Only the lines of the data below from the one with "Lemma eqmodX_mul1DXn M" through the one with "Proof. by case=> r pq" are wanted. Repeat them exactly.

+++ THE RECORDS +++

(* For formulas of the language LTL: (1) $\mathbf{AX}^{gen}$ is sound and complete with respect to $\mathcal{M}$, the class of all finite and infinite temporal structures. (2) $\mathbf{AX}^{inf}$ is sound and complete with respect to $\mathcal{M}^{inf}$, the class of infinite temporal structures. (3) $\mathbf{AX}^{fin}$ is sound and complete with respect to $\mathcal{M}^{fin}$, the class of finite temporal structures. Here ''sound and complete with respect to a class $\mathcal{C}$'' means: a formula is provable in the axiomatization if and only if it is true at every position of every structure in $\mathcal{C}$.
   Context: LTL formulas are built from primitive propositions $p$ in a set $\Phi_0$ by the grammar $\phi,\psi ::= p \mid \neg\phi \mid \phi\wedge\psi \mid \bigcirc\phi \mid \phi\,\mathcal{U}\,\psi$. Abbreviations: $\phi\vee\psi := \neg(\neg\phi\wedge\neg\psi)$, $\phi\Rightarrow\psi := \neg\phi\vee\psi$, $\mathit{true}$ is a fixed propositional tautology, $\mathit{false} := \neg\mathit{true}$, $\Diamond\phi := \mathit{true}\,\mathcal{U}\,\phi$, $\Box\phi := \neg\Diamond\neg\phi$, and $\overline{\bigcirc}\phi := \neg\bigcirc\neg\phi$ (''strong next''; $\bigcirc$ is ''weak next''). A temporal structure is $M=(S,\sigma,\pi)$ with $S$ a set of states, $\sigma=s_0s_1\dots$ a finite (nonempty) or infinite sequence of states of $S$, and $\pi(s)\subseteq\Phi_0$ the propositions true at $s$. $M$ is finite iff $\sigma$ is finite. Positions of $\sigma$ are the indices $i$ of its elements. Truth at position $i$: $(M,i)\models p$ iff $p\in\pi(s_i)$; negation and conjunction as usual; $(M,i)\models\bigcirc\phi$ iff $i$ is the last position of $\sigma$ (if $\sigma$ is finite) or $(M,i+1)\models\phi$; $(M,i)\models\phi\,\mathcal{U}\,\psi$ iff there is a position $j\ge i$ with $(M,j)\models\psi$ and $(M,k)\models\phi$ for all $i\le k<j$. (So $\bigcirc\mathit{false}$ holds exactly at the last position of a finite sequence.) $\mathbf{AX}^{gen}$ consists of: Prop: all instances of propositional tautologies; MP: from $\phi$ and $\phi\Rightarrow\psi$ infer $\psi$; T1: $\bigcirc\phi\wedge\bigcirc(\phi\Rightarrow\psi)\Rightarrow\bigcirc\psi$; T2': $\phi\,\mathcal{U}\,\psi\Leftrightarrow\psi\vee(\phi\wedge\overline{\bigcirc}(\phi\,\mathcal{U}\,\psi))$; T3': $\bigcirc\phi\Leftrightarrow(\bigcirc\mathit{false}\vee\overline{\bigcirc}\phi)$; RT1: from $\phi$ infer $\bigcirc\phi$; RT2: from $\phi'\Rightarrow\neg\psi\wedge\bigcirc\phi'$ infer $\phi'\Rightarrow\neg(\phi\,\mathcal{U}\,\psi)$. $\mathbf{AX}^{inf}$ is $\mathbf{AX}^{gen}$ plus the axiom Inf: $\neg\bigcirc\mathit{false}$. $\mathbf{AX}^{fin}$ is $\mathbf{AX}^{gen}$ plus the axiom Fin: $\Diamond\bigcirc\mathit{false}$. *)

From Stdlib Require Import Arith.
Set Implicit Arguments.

+++
+++ THE RECORDS +++

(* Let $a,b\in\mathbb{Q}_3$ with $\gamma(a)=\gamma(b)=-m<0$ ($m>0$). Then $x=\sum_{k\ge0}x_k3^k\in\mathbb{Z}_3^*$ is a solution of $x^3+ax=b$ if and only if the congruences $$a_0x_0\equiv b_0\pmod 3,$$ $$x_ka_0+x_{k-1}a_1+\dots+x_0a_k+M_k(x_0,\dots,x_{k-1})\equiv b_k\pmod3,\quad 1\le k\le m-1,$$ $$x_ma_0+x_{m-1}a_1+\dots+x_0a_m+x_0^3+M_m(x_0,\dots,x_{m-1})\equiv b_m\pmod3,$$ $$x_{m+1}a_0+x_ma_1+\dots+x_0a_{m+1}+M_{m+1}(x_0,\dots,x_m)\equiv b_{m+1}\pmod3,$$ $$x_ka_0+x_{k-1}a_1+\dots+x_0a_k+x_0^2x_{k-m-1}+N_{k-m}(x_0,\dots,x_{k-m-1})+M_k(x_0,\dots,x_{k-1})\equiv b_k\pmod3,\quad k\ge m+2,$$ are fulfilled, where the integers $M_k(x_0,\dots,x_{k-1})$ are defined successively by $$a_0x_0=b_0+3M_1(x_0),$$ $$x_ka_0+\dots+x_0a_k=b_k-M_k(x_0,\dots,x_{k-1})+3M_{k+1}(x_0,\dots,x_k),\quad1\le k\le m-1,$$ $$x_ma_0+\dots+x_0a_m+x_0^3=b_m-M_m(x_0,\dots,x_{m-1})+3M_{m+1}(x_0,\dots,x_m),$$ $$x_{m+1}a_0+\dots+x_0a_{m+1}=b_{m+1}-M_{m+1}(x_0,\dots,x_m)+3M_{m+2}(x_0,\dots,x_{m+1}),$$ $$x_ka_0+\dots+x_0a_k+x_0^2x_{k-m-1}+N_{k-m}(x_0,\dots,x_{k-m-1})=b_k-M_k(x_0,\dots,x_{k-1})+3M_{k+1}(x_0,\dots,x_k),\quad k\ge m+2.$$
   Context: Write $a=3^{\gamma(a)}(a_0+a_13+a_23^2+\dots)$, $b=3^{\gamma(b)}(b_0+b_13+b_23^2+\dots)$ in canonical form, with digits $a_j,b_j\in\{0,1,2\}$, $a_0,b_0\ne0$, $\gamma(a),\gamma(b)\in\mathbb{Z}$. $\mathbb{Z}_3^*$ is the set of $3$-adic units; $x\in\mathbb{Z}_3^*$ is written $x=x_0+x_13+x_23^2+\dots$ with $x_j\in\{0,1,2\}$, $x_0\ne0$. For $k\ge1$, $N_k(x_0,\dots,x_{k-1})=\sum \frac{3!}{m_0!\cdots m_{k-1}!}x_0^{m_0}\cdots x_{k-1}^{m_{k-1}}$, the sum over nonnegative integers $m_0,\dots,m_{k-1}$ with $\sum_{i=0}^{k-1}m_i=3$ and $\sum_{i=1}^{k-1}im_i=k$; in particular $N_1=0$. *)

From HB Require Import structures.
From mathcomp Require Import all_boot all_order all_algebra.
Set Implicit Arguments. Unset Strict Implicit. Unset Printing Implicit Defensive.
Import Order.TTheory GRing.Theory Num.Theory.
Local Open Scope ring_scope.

+++
+++ THE RECORDS +++

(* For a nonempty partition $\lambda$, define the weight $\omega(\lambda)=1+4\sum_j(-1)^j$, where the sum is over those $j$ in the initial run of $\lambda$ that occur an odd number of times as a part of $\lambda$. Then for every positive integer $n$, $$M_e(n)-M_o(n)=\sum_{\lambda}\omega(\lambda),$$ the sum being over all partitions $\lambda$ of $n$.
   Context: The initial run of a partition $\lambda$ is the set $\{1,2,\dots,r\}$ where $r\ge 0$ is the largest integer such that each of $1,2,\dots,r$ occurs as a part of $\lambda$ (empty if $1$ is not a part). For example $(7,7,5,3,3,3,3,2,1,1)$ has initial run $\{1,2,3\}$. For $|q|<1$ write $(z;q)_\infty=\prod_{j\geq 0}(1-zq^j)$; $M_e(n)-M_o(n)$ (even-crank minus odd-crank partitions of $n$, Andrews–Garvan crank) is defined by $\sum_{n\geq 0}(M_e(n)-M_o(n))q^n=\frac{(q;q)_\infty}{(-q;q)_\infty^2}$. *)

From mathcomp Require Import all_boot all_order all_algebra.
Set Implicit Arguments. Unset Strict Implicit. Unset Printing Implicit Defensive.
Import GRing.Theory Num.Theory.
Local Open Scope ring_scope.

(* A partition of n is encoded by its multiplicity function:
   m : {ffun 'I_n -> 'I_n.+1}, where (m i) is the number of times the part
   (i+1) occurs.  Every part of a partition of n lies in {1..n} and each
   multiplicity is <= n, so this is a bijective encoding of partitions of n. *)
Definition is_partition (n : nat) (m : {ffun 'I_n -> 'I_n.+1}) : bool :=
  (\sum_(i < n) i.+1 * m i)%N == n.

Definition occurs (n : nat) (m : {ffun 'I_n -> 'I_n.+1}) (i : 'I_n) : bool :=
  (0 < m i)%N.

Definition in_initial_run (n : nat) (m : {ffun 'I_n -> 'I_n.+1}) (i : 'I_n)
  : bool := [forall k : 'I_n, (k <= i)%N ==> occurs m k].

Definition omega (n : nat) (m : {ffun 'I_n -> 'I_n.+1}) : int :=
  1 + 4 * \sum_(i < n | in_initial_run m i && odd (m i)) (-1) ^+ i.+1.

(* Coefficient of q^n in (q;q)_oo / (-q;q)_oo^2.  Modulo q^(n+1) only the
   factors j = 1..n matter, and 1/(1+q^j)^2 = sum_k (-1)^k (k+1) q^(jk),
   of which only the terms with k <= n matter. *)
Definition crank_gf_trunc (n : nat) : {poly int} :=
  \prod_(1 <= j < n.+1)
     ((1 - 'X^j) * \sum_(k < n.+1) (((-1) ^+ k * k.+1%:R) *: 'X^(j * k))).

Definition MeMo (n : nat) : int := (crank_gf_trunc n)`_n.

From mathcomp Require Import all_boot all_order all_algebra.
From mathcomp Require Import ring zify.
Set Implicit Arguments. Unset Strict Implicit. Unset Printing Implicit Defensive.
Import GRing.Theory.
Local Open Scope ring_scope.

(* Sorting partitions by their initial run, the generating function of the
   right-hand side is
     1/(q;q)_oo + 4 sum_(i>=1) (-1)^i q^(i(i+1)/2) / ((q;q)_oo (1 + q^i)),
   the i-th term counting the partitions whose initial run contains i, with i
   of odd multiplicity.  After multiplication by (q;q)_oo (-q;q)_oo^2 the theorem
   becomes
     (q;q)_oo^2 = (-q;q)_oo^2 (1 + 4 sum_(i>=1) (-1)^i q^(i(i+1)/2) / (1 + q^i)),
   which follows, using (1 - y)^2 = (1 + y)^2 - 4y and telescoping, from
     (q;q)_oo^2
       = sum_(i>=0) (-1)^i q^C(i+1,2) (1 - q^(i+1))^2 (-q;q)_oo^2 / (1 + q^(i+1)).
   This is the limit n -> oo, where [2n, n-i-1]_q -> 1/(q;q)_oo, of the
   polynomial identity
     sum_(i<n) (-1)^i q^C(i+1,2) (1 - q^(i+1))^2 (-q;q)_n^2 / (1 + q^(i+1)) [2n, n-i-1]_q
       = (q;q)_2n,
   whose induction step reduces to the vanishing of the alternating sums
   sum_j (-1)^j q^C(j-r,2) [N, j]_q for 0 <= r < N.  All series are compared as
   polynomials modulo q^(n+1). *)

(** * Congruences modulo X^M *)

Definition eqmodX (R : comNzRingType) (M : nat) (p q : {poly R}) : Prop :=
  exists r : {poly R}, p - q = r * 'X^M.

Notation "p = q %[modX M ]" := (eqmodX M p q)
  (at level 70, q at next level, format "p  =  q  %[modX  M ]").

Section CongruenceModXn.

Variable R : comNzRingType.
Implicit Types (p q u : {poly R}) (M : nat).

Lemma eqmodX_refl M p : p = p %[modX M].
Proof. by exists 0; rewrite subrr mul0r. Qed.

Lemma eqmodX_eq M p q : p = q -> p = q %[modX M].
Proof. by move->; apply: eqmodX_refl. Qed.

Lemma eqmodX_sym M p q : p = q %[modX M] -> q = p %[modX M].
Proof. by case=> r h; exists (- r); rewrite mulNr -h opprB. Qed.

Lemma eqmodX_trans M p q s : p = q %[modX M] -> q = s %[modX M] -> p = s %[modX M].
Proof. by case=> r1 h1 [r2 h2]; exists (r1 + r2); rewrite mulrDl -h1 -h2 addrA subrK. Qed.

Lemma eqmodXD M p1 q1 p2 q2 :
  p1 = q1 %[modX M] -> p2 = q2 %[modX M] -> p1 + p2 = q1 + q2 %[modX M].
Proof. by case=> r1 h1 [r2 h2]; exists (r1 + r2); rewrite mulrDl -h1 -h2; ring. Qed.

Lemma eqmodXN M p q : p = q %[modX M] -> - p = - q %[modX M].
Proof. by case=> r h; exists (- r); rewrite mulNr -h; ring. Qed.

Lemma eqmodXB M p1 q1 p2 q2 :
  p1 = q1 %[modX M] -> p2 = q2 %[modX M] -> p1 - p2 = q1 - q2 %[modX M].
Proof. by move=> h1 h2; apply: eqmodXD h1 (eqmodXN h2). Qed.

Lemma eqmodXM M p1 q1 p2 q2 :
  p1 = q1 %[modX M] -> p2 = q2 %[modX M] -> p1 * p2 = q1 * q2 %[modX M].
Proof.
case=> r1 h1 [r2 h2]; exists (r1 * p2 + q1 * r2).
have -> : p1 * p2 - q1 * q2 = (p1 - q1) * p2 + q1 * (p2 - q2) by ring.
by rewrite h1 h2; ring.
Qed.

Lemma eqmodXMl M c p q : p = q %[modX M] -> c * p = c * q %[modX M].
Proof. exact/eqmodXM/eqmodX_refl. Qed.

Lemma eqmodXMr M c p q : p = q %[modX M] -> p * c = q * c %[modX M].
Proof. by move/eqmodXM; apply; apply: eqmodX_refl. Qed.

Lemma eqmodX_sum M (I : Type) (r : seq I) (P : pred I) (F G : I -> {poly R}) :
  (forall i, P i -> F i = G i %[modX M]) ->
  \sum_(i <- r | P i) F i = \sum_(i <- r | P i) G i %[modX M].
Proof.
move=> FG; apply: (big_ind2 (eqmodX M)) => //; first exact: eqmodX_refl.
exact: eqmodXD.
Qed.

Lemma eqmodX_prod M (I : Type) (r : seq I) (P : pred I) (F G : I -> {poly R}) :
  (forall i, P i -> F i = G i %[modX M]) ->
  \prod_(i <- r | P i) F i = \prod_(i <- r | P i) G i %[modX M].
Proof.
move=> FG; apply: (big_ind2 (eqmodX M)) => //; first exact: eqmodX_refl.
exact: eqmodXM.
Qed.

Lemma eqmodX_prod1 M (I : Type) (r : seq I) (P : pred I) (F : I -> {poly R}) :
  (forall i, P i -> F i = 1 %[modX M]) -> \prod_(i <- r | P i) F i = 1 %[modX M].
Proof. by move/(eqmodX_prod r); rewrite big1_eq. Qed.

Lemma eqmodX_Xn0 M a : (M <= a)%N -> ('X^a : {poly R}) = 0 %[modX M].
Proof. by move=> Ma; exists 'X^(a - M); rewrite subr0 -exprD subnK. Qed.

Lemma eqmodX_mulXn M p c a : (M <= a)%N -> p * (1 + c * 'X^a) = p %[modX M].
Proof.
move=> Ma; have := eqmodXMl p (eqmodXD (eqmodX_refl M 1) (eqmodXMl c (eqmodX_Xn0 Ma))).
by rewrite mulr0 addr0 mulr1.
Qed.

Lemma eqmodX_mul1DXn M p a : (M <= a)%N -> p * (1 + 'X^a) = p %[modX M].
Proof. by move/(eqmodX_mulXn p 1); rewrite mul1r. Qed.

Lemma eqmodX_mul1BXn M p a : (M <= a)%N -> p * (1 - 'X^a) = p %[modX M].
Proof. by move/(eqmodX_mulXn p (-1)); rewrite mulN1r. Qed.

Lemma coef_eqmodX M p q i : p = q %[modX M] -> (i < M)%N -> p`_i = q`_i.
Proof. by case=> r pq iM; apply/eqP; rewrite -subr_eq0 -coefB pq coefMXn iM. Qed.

+++

EXERCISE RESULT:
Lemma eqmodX_mul1DXn M p a : (M <= a)%N -> p * (1 + 'X^a) = p %[modX M].
Proof. by move/(eqmodX_mulXn p 1); rewrite mul1r. Qed.

Lemma eqmodX_mul1BXn M p a : (M <= a)%N -> p * (1 - 'X^a) = p %[modX M].
Proof. by move/(eqmodX_mulXn p (-1)); rewrite mulN1r. Qed.

Lemma coef_eqmodX M p q i : p = q %[modX M] -> (i < M)%N -> p`_i = q`_i.
Proof. by case=> r pq iM; apply/eqP; rewrite -subr_eq0 -coefB pq coefMXn iM. Qed.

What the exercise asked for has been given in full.